Publié le par David L'Epée

Le jour de la rentrée universitaire, connaissant mes aptitudes à me perdre, je me suis levé plus tôt que d’habitude et je suis parti dès l’aurore à la recherche de ma classe, passant d’un bureau à l’autre pour demander des renseignements. Alors que la plupart des autres liu xue shengs (étudiants débutants) dormaient encore à poings fermés, je me suis retrouvé le seul « long-nez » (c’est le surnom donné aux Blancs) sur le campus qui était déjà bien rempli à cette heure par une multitude d’étudiants chinois. Mais il n’y avait pas que ma couleur de peau qui me distinguait de la masse, il y avait quelque chose de beaucoup plus frappant : j’étais le seul civil – je veux dire que tous les autres, et ils étaient quelques centaines, portaient des uniformes militaires.

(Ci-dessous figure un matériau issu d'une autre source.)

Lemma has_height_eq X o : has_height FinMetric MEdge X o -> o = Some (hgt X).
Proof.
  destruct o as [n|]; simpl.
  - intros [[a [Ha <-]] Hmin]. f_equal. apply Nat.le_antisymm.
    + exact (Hmin _ (canonical_evolution_full X)).
    + exact (hgt_le_full_length a X Ha).
  - intros H. exfalso. apply H. exists (canonical_evolution X). apply canonical_evolution_full.
Qed.

Lemma canonical_evolution_universal X :
  universal_evolution FinMetric MEdge (canonical_evolution X) X.
Proof.
  split; [apply canonical_evolution_full|]. intros b Hb.
  set (h i := hgt (ev_vx _ _ b i)).
  assert (Hm : h (ev_len _ _ b) = hgt X) by (destruct Hb as [_ <-]; reflexivity).
  destruct (unit_steps_hit_levels h (full_evolution_hgt0 b X Hb) (ev_len _ _ b)
              (evolution_hgt_step b)) as [r [Hinc Hhit]].
  rewrite Hm in Hinc, Hhit.
  split; [exact (hgt_le_full_length b X Hb)|]. exists r. simpl. split; [|split].
  - exact Hinc.
  - apply Hhit. lia.
  - intros k Hk. destruct (Hhit k Hk) as [Hr Hh]. apply isotypic_iff_isometric.
    destruct (evolution_closure _ _ descends descends_refl descends_trans MEdge_descends b (r k) Hr)
      as [_ HI].
    destruct Hb as [_ Ht]. rewrite Ht in HI. fold (h (r k)) in HI. rewrite Hh in HI.
    now apply isometric_sym.
Qed.

(** * Smallness *)

Definition metric_on (n : nat) (d : nat -> nat -> R) : Prop :=
  (0 < n)%nat /\
  (forall i j, (i < n)%nat -> (j < n)%nat -> (d i j = 0 <-> i = j)) /\
  (forall i j, (i < n)%nat -> (j < n)%nat -> d i j = d j i) /\
  (forall i j k, (i < n)%nat -> (j < n)%nat -> (k < n)%nat -> d i k <= d i j + d j k).

Section InitialSegment.
Variables (n : nat) (d : nat -> nat -> R) (Hd : metric_on n d).

Definition segment_pt := {i : nat | (i < n)%nat}.

Let segment_dist (a b : segment_pt) := d (proj1_sig a) (proj1_sig b).

Lemma segment_finite : exists l : list segment_pt, forall x, In x l.
Proof.
  set (clamp := fun i : nat =>
    match excluded_middle_informative (i < n)%nat return segment_pt with
    | left h => exist _ i h
    | right _ => exist _ 0%nat (proj1 Hd) end).
  exists (map clamp (seq 0 n)). intros [i hi].
  replace (exist _ i hi) with (clamp i).
  - apply in_map, in_seq. lia.
  - apply proj1_sig_inj. unfold clamp. now destruct excluded_middle_informative.
Qed.

Lemma segment_dist_zero a b : segment_dist a b = 0 <-> a = b.
Proof.
  destruct Hd as [_ [Hz _]]. destruct a as [i hi], b as [j hj]. unfold segment_dist; simpl.
  rewrite Hz by auto. split.
  - intros ->. now apply proj1_sig_inj.
  - intros E. now injection E.
Qed.

Definition segment_space : FinMetric :=
  {| pt := segment_pt; dist := segment_dist; pt_finite := segment_finite;
     pt_nonempty := inhabits (exist _ 0%nat (proj1 Hd)); dist_zero := segment_dist_zero;
     dist_sym := fun a b => proj1 (proj2 (proj2 Hd)) _ _ (proj2_sig a) (proj2_sig b);
     dist_tri := fun a b c =>
       proj2 (proj2 (proj2 Hd)) _ _ _ (proj2_sig a) (proj2_sig b) (proj2_sig c) |}.

End InitialSegment.

Definition point_space : FinMetric.
Proof.
  refine {| pt := unit; dist := fun _ _ => 0 |}.
  - exists (tt :: nil). intros []. now left.
  - exact (inhabits tt).
  - intros [] []. tauto.
  - reflexivity.
  - intros; lra.
Defined.

Definition decode_space (c : {n : nat & nat -> nat -> R}) : FinMetric :=
  match excluded_middle_informative (metric_on (projT1 c) (projT2 c)) with
  | left H => segment_space _ _ H
  | right _ => point_space end.

Lemma MEdge_small : small FinMetric MEdge.
Proof.
  exists {n : nat & nat -> nat -> R}, decode_space. intros X.
  destruct (pt_nonempty X) as [x0]. destruct (enum_nodup X) as [l [Nl Hl]].
  set (d i j := dist X (nth i l x0) (nth j l x0)).
  assert (Hd : metric_on (length l) d).
  { split; [|split; [|split]].
    - destruct l; [destruct (Hl x0) | simpl; lia].
    - intros i j Hi Hj. unfold d. rewrite dist_zero. split; [|intros ->; auto].
      intros E. now apply (proj1 (NoDup_nth l x0) Nl).
    - intros; apply dist_sym.
    - intros; apply dist_tri. }
  exists (existT _ (length l) d). apply isotypic_iff_isometric. unfold decode_space. simpl.
  destruct excluded_middle_informative as [H|H]; [|contradiction].
  exists (fun a : segment_pt _ => nth (proj1_sig a) l x0). apply isometry_of_surj.
  - intros y. destruct (In_nth l y x0 (Hl y)) as [k [Hk E]]. now exists (exist _ k Hk).
  - reflexivity.
Qed.

Theorem mainTheorem2 :
  (forall X Y : FinMetric, isotypic MEdge X Y <-> isometric X Y) /\
  (forall X : FinMetric, primitive_vertex MEdge X <-> trim X) /\
  phylogenetic_quiver MEdge /\
  (forall X : FinMetric, regular MEdge X).
Proof.
  split; [exact isotypic_iff_isometric|]. split; [exact primitive_iff_trim|].
  split.
  - split; [exact MEdge_small|]. split.
    + intros A B e oA oB HA HB. rewrite (has_height_eq _ _ HA), (has_height_eq _ _ HB).
      simpl. pose proof (MEdge_hgt _ _ e). lia.
    + intros X. exists (canonical_evolution X). apply canonical_evolution_universal.
  - intros X B HB Hh. injection (has_height_eq _ _ (Hh _ (has_height_hgt X))) as E.
    destruct (ancestor_descends _ _ HB) as [_ HI]. rewrite E, Nat.sub_diag in HI.
    now apply isometric_MEdge, isometric_sym.
Qed.
(* For every single-use two-way automaton there is a number $N\in\mathbb N$ such that for every string $u$ over $\Sigma+\{\vdash,\dashv\}$, the Shepherdson profile of $u$ is supported by a tuple of at most $N$ atoms.
   Context: Atoms, atom automorphisms, polynomial orbit-finite sets, supports (an element $x$ is supported by $\bar a\in\mathbb A^*$ if every atom automorphism fixing $\bar a$ pointwise fixes $x$; automorphisms act on functions by $\pi(f)=\pi\circ f\circ\pi^{-1}$) and single-use two-way automata are as follows. Fix a countably infinite set $\mathbb A$ of atoms; a polynomial orbit-finite set is built from $\mathbb A$ and singletons by finite products and disjoint unions. A single-use two-way automaton has a polynomial orbit-finite input alphabet $\Sigma$, finitely many states $Q$, finitely many registers (say $k$) holding atoms or $\bot$, and a deterministic transition function assigning to each state a question and, for each answer, a next state and an action. Questions: apply an equivariant function $\Sigma+\{\vdash,\dashv\}\to\{\mathrm{yes},\mathrm{no}\}$ to the letter under the head; or test equality of the atoms in two registers (rejecting if one is $\bot$), after which both registers are set to $\bot$ (single-use restriction). Actions: store the value of an equivariant function $\Sigma+\{\vdash,\dashv\}\to\mathbb A+\bot$ of the current letter in a register; move the head left or right; accept or reject. The Shepherdson profile of $u$ is the function $Q\times(\mathbb A+\bot)^k\times\{\leftarrow,\rightarrow\}\to\{\mathrm{accept},\mathrm{loop}\}+Q\times(\mathbb A+\bot)^k\times\{\leftarrow,\rightarrow\}$ mapping $(q,\eta,d)$ to the outcome of running the automaton on $u$ from state $q$ with register valuation $\eta$, starting at the leftmost position of $u$ if $d$ says the run enters from the left and at the rightmost position otherwise, until the head leaves $u$ (outcome: the state, register valuation and side on which it exits), or it accepts (outcome accept), or it rejects or runs forever (outcome loop). *)

From HB Require Import structures.
From mathcomp Require Import all_boot.
From Stdlib Require Import ClassicalEpsilon.
Set Implicit Arguments. Unset Strict Implicit. Unset Printing Implicit Defensive.

Definition atom := nat.

Record aut := Aut {
  aut_fun :> atom -> atom;
  aut_inv : atom -> atom;
  aut_funK : cancel aut_fun aut_inv;
  aut_invK : cancel aut_inv aut_fun }.

Definition aut_invA (pi : aut) : aut :=
  @Aut (aut_inv pi) (aut_fun pi) (aut_invK pi) (aut_funK pi).

Inductive pof := PAtom | PUnit | PProd of pof & pof | PSum of pof & pof.

Fixpoint el (p : pof) : Type :=
  match p with
  | PAtom => atom
  | PUnit => unit
  | PProd a b => (el a * el b)%type
  | PSum a b => (el a + el b)%type
  end.

Fixpoint el_act (pi : atom -> atom) (p : pof) : el p -> el p :=
  match p return el p -> el p with
  | PAtom => fun x => pi x
  | PUnit => fun x => x
  | PProd a b => fun x => (el_act pi x.1, el_act pi x.2)
  | PSum a b => fun x => match x with
                         | inl y => inl (el_act pi y)
                         | inr z => inr (el_act pi z)
                         end
  end.

Inductive letter (S : pof) := Sym of el S | LEnd | REnd.
Arguments LEnd {S}. Arguments REnd {S}.

Definition letter_act (S : pof) (pi : atom -> atom) (l : letter S) : letter S :=
  match l with Sym x => Sym (el_act pi x) | LEnd => LEnd | REnd => REnd end.

Definition equivariant_bool (S : pof) (f : letter S -> bool) :=
  forall (pi : aut) l, f (letter_act pi l) = f l.
Definition equivariant_atom (S : pof) (g : letter S -> option atom) :=
  forall (pi : aut) l, g (letter_act pi l) = omap pi (g l).

Inductive question (S : pof) (k : nat) :=
  | QLetter (f : letter S -> bool) of equivariant_bool f
  | QEq of 'I_k & 'I_k.

Inductive action (S : pof) (k : nat) :=
  | AStore (g : letter S -> option atom) of equivariant_atom g & 'I_k
  | ALeft | ARight | AAccept | AReject.
Arguments ALeft {S k}. Arguments ARight {S k}.
Arguments AAccept {S k}. Arguments AReject {S k}.

Record automaton (S : pof) := Automaton {
  state : finType;
  nregs : nat;
  quest : state -> question S nregs;
  trans : state -> bool -> state * action S nregs }.

Definition regs (k : nat) := {ffun 'I_k -> option atom}.

(* dir: on input, the side from which the head enters u;
   on output, the side on which the head leaves u. *)
Inductive dir := DLeft | DRight.

Inductive outcome (Q : Type) (k : nat) :=
  | OAccept | OLoop | OExit of Q & regs k & dir.
Arguments OAccept {Q k}. Arguments OLoop {Q k}.

Section Run.
Variables (S : pof) (M : automaton S) (u : seq (letter S)).

Definition config := (state M * regs (nregs M) * nat)%type.
Definition out := outcome (state M) (nregs M).

Definition do_action (qa : state M * action S (nregs M)) (eta : regs (nregs M))
    (pos : nat) (l : letter S) : config + out :=
  let (q', a) := qa in
  match a with
  | AStore g _ i => inl (q', [ffun j => if j == i then g l else eta j], pos)
  | ALeft => if pos is p.+1 then inl (q', eta, p) else inr (OExit q' eta DLeft)
  | ARight => if pos.+1 < size u then inl (q', eta, pos.+1)
              else inr (OExit q' eta DRight)
  | AAccept => inr OAccept
  | AReject => inr OLoop
  end.

Definition step (c : config) : config + out :=
  let: (q, eta, pos) := c in
  let l := nth LEnd u pos in
  match quest q with
  | QLetter f _ => do_action (trans q (f l)) eta pos l
  | QEq i j =>
      match eta i, eta j with
      | Some a, Some b =>
          let eta' := [ffun m => if (m == i) || (m == j) then None else eta m] in
          do_action (trans q (a == b)) eta' pos l
      | _, _ => inr OLoop   (* testing bot rejects *)
      end
  end.

Fixpoint run (n : nat) (c : config) : option out :=
  match n with
  | 0 => None
  | n.+1 => match step c with inl c' => run n c' | inr o => Some o end
  end.

Definition run_from (n : nat) (x : state M * regs (nregs M) * dir) : option out :=
  let: (q, eta, d) := x in
  if u is [::] then
    (* the empty string: the head passes straight through *)
    Some (OExit q eta (if d is DLeft then DRight else DLeft))
  else run n (q, eta, if d is DLeft then 0 else (size u).-1).

(* Shepherdson profile: accept / exit outcome if reached, loop otherwise
   (rejecting runs give OLoop via run itself). *)
Definition profile (x : state M * regs (nregs M) * dir) : out :=
  match excluded_middle_informative (exists o, exists n, run_from n x = Some o) with
  | left H => proj1_sig (constructive_indefinite_description _ H)
  | right _ => OLoop
  end.

End Run.

Definition regs_act (k : nat) (pi : atom -> atom) (eta : regs k) : regs k :=
  [ffun i => omap pi (eta i)].

Definition in_act (Q : Type) (k : nat) (pi : atom -> atom) (x : Q * regs k * dir)
  : Q * regs k * dir :=
  let: (q, eta, d) := x in (q, regs_act pi eta, d).

Definition out_act (Q : Type) (k : nat) (pi : atom -> atom) (o : outcome Q k)
  : outcome Q k :=
  match o with
  | OExit q eta d => OExit q (regs_act pi eta) d
  | OAccept => OAccept
  | OLoop => OLoop
  end.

J’étais très étonné, car je savais que les lycéens chinois portaient l’uniforme, mais je pensais que ce n’était pas le cas à l’Université. Peut-être me trompais-je, peut-être n’était-ce pas des étudiants, mais bien des soldats. Mais à y regarder de plus près, voyant l’attitude de ces jeunes gens et le nombre des filles présentes (environ la moitié), je devais me rendre à l’évidence ; il s’agissait bien d’étudiants. D’autant que certains portaient des cartables, attendaient devant les bâtiments, exactement comme s’ils se rendaient aux cours. Des uniformes scolaires, certes, pourquoi pas, c’est une pratique courante dans de nombreux pays du monde – et j’y suis personnellement très favorable – mais pourquoi précisément des uniformes militaires ? Je repensais aux lycéennes, si mignonnes dans leurs jupes plissées et leurs marinières bleu-et-blanc…

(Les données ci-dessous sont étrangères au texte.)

(** [game] is a nested inductive type, so its automatic induction principle
    has no hypothesis for the options. *)
Definition game_ind' (P : game -> Prop)
  (Hn : forall l, (forall g, In g l -> P g) -> P (Node l)) : forall G, P G :=
  fix IH (G : game) : P G :=
  match G with Node l => Hn l ((fix aux (l : list game) : forall g, In g l -> P g :=
     match l with
     | nil => fun g Hin => False_ind _ Hin
     | cons a l' => fun g Hin => match Hin with
         | or_introl e => eq_ind a P (IH a) g e
         | or_intror Hin' => aux l' g Hin' end
     end) l) end.

Lemma gsum_node lg lh : gsum (Node lg) (Node lh) =
  Node (map (fun g => gsum g (Node lh)) lg ++ map (fun h => gsum (Node lg) h) lh).
Proof. reflexivity. Qed.

Lemma in_gsum G H x : In x (opts (gsum G H)) <->
  (exists g, In g (opts G) /\ x = gsum g H) \/ (exists h, In h (opts H) /\ x = gsum G h).
Proof.
  destruct G as [lg], H as [lh]. rewrite gsum_node. simpl.
  rewrite in_app_iff, !in_map_iff.
  split; intros [[y [E Hy]]|[y [E Hy]]]; [left|right|left|right]; exists y; auto.
Qed.

Lemma in_gsum_l G H g : In g (opts G) -> In (gsum g H) (opts (gsum G H)).
Proof. intro Hg. apply in_gsum. left. exists g. auto. Qed.

Lemma in_gsum_r G H h : In h (opts H) -> In (gsum G h) (opts (gsum G H)).
Proof. intro Hh. apply in_gsum. right. exists h. auto. Qed.

Lemma geq_I G H :
  (forall a, In a (opts G) -> exists b, In b (opts H) /\ geq a b) ->
  (forall b, In b (opts H) -> exists a, In a (opts G) /\ geq a b) -> geq G H.
Proof. destruct G, H; simpl; constructor; auto. Qed.

Lemma geq_E G H : geq G H ->
  (forall a, In a (opts G) -> exists b, In b (opts H) /\ geq a b) /\
  (forall b, In b (opts H) -> exists a, In a (opts G) /\ geq a b).
Proof. intro E; destruct E; simpl; auto. Qed.

Lemma ppos_opts G :
  ppos G = true <-> opts G <> nil /\ forall G', In G' (opts G) -> ppos G' = false.
Proof.
  destruct G as [[|a l]]; simpl.
  - split; [discriminate | intros [H _]; congruence].
  - rewrite andb_true_iff, forallb_forall, negb_true_iff. split.
    + intros [Ha Hl]; split; [discriminate|].
      intros g [<-|Hg]; [|apply negb_true_iff]; auto.
    + intros [_ H]. split; [apply H; left; reflexivity|].
      intros g Hg. apply negb_true_iff, H. right; exact Hg.
Qed.

Lemma ppos_geq : forall G H, geq G H -> ppos G = ppos H.
Proof.
  induction G as [l IH] using game_ind'. intros [l'] E.
  apply geq_E in E as [E1 E2]; simpl in E1, E2.
  apply eq_iff_eq_true. rewrite !ppos_opts; simpl.
  split; intros [Hn Hall]; split.
  - destruct l as [|a l]; [congruence|].
    destruct (E1 a (or_introl eq_refl)) as [b [Hb _]].
    destruct l'; [destruct Hb|discriminate].
  - intros h Hh. destruct (E2 h Hh) as [g [Hg E]]. rewrite <- (IH g Hg h E). auto.
  - destruct l' as [|a l']; [congruence|].
    destruct (E2 a (or_introl eq_refl)) as [b [Hb _]].
    destruct l; [destruct Hb|discriminate].
  - intros g Hg. destruct (E1 g Hg) as [h [Hh E]]. rewrite (IH g Hg h E). auto.
Qed.

Lemma gsum_comm : forall G H, geq (gsum G H) (gsum H G).
Proof.
  induction G as [lg IHg] using game_ind'. intro H.
  induction H as [lh IHh] using game_ind'.
  apply geq_I.
  - intros a Ha. apply in_gsum in Ha as [[g [Hg ->]]|[h [Hh ->]]].
    + exists (gsum (Node lh) g). split; [apply in_gsum_r|apply IHg]; auto.
    + exists (gsum h (Node lg)). split; [apply in_gsum_l|apply IHh]; auto.
  - intros b Hb. apply in_gsum in Hb as [[h [Hh ->]]|[g [Hg ->]]].
    + exists (gsum (Node lg) h). split; [apply in_gsum_r|apply IHh]; auto.
    + exists (gsum g (Node lh)). split; [apply in_gsum_l|apply IHg]; auto.
Qed.

Lemma gsum_assoc : forall G H K, geq (gsum (gsum G H) K) (gsum G (gsum H K)).
Proof.
  induction G as [lg IHg] using game_ind'. intro H.
  induction H as [lh IHh] using game_ind'. intro K.
  induction K as [lk IHk] using game_ind'.
  apply geq_I.
  - intros a Ha. apply in_gsum in Ha as [[x [Hx ->]]|[k [Hk ->]]].
    + apply in_gsum in Hx as [[g [Hg ->]]|[h [Hh ->]]].
      * exists (gsum g (gsum (Node lh) (Node lk))).
        split; [apply in_gsum_l|apply IHg]; auto.
      * exists (gsum (Node lg) (gsum h (Node lk))).
        split; [apply in_gsum_r, in_gsum_l|apply IHh]; auto.
    + exists (gsum (Node lg) (gsum (Node lh) k)).
      split; [apply in_gsum_r, in_gsum_r|apply IHk]; auto.
  - intros b Hb. apply in_gsum in Hb as [[g [Hg ->]]|[y [Hy ->]]].
    + exists (gsum (gsum g (Node lh)) (Node lk)).
      split; [apply in_gsum_l, in_gsum_l|apply IHg]; auto.
    + apply in_gsum in Hy as [[h [Hh ->]]|[k [Hk ->]]].
      * exists (gsum (gsum (Node lg) h) (Node lk)).
        split; [apply in_gsum_l, in_gsum_r|apply IHh]; auto.
      * exists (gsum (gsum (Node lg) (Node lh)) k).
        split; [apply in_gsum_r|apply IHk]; auto.
Qed.

Lemma gsum_geq_l : forall G G', geq G G' -> forall H, geq (gsum G H) (gsum G' H).
Proof.
  induction G as [lg IHg] using game_ind'. intros G' E H.
  pose proof (geq_E _ _ E) as [E1 E2]; simpl in E1.
  induction H as [lh IHh] using game_ind'.
  apply geq_I.
  - intros a Ha. apply in_gsum in Ha as [[g [Hg ->]]|[h [Hh ->]]].
    + destruct (E1 g Hg) as [g' [Hg' Hgg]].
      exists (gsum g' (Node lh)). split; [apply in_gsum_l|apply IHg]; auto.
    + exists (gsum G' h). split; [apply in_gsum_r|apply IHh]; auto.
  - intros b Hb. apply in_gsum in Hb as [[g' [Hg' ->]]|[h [Hh ->]]].
    + destruct (E2 g' Hg') as [g [Hg Hgg]].
      exists (gsum g (Node lh)). split; [apply in_gsum_l|apply IHg]; auto.
    + exists (gsum (Node lg) h). split; [apply in_gsum_r|apply IHh]; auto.
Qed.

Lemma gsum_zero : forall G, geq (gsum G zero) G.
Proof.
  induction G as [lg IHg] using game_ind'.
  apply geq_I.
  - intros a Ha. apply in_gsum in Ha as [[g [Hg ->]]|[h [Hh _]]]; [|destruct Hh].
    exists g; auto.
  - intros b Hb. exists (gsum b zero). split; [apply in_gsum_l|]; auto.
Qed.

Lemma ppos_unique (B P : game -> Prop) :
  (forall G G', B G -> In G' (opts G) -> B G') ->
  (forall G, B G -> (P G <-> opts G <> nil /\ forall G', In G' (opts G) -> ~ P G')) ->
  forall G, B G -> (P G <-> ppos G = true).
Proof.
  intros Bopts HP. induction G as [l IH] using game_ind'. intro BG.
  rewrite HP, ppos_opts by exact BG. simpl.
  split; intros [Hn Hall]; split; auto; intros G' HG';
    assert (BG' : B G') by (eapply Bopts; [exact BG|exact HG']).
  - apply not_true_iff_false. rewrite <- IH by auto. auto.
  - rewrite IH by auto. rewrite Hall; auto; discriminate.
Qed.

Set Implicit Arguments.

Section Quotient.

Variable A : game -> Prop.
Hypothesis HA : closed_set A.

Lemma closed_zero G : A G -> A zero.
Proof.
  destruct HA as [_ [Aopts _]]. induction G as [l IH] using game_ind'. intro AG.
  destruct l as [|a l]; [exact AG|].
  apply (IH a (or_introl eq_refl)), (Aopts _ a AG). left; reflexivity.
Qed.

Lemma equivA_refl G : equivA A G G.
Proof. intros X _. reflexivity. Qed.

Lemma equivA_sym G H : equivA A G H -> equivA A H G.
Proof. intros E X AX. symmetry. auto. Qed.

Lemma equivA_trans G H K : equivA A G H -> equivA A H K -> equivA A G K.
Proof. intros E F X AX. rewrite (E X AX). auto. Qed.

Lemma geq_equivA G H : geq G H -> equivA A G H.
Proof. intros E X _. apply ppos_geq, gsum_geq_l, E. Qed.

En me déplaçant sur une autre partie du campus, sur un grand terrain herbeux proche de la porte principale, j’assiste à un spectacle encore plus curieux : une bonne soixantaine de ces étudiants-soldats marchent au pas en portant des drapeaux nationaux et des drapeaux rouges, suivant des ordres beuglés dans un mégaphone par un officier. Plus loin, plusieurs jeunes filles, les cheveux tenus dans un filet sous une casquette kaki, rampent avec une grande agilité dans le sable, tenant leur drapeau enroulé sous le bras. De plus loin encore, j’entends des paroles – que je ne comprends pas – répétées en chœur par un grand nombre. Ou je me trompe fort, ou cela ressemble à s’y méprendre à un entraînement militaire en bonne et due forme.

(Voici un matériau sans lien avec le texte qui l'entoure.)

Local Notation F := (Fset c eps).
Local Notation shiftU y := (Defs.shift y 1 eps).
Local Notation shiftD y := (Defs.shift y (-1) eps).

Definition cut_damagedF (i : 'I_d) (xi : R) (pi : cpath R d) : {set 'I_k} :=
  [set j in F pi | cut_damages i xi eps (c j)].

Definition tree_damagedF (t : tree R d) (pi : cpath R d) : {set 'I_k} :=
  [set j in F pi | tree_damages t eps (c j)].

Lemma in_FsetE pi j : (j \in F pi) =
  [&& in_cell pi (c j), in_cell pi (shiftU (c j)) & in_cell pi (shiftD (c j))].
Proof.
rewrite inE /damaged_in.
by case: (in_cell pi (c j)); case: (in_cell pi (shiftU (c j)));
  case: (in_cell pi (shiftD (c j))).
Qed.

Lemma in_cut_damagedF i xi pi j :
  (j \in cut_damagedF i xi pi) = (j \in F pi) && cut_damages i xi eps (c j).
Proof. by rewrite !inE. Qed.

Lemma in_tree_damagedF t pi j :
  (j \in tree_damagedF t pi) = (j \in F pi) && tree_damages t eps (c j).
Proof. by rewrite !inE. Qed.

Lemma in_cell_cons pi i xi lam y :
  in_cell ((i, xi, lam) :: pi) y = (if lam then xi < y i else y i <= xi) && in_cell pi y.
Proof. by []. Qed.

Lemma leaf_addr_node i xi l r y :
  leaf_addr (Node i xi l r) y =
  if y i <= xi then false :: leaf_addr l y else true :: leaf_addr r y.
Proof. by []. Qed.

(* A centre of F_pi is either damaged by the cut or lies, with both shifts, on one side. *)
Lemma card_Fset_cut_split pi i xi :
  #|F pi| = (#|cut_damagedF i xi pi| + #|F ((i, xi, false) :: pi)|
             + #|F ((i, xi, true) :: pi)|)%N.
Proof.
apply: card_indicator_sum3 => j.
rewrite in_cut_damagedF !in_FsetE !in_cell_cons /cut_damages /separates !ltNge.
by case: (c j i <= xi); case: (shiftU (c j) i <= xi); case: (shiftD (c j) i <= xi);
  case: (in_cell pi (c j)); case: (in_cell pi (shiftU (c j)));
  case: (in_cell pi (shiftD (c j))).
Qed.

A la pause de midi, je vais me reposer un moment dans un des jardins du campus. Je m’assieds autour d’une petite table de pierre près de laquelle se trouvent déjà quatre étudiants-soldats qui fument des cigarettes et ont l’air épuisés. J’engage la conversation et leur pose quelques questions au sujet de ce qu’ils font. L’un d’eux m’explique qu’ils sont en première année à l’Université, et que tous les étudiants de cette année sont soumis à une formation militaire accélérée qui peut durer de quelques semaines à deux mois selon les universités. Même les filles ? Même les filles. Jing m’a d’ailleurs appris par la suite qu’elle avait suivie cette formation l’an passé comme toutes et tous ses camarades, et que c’était très éprouvant.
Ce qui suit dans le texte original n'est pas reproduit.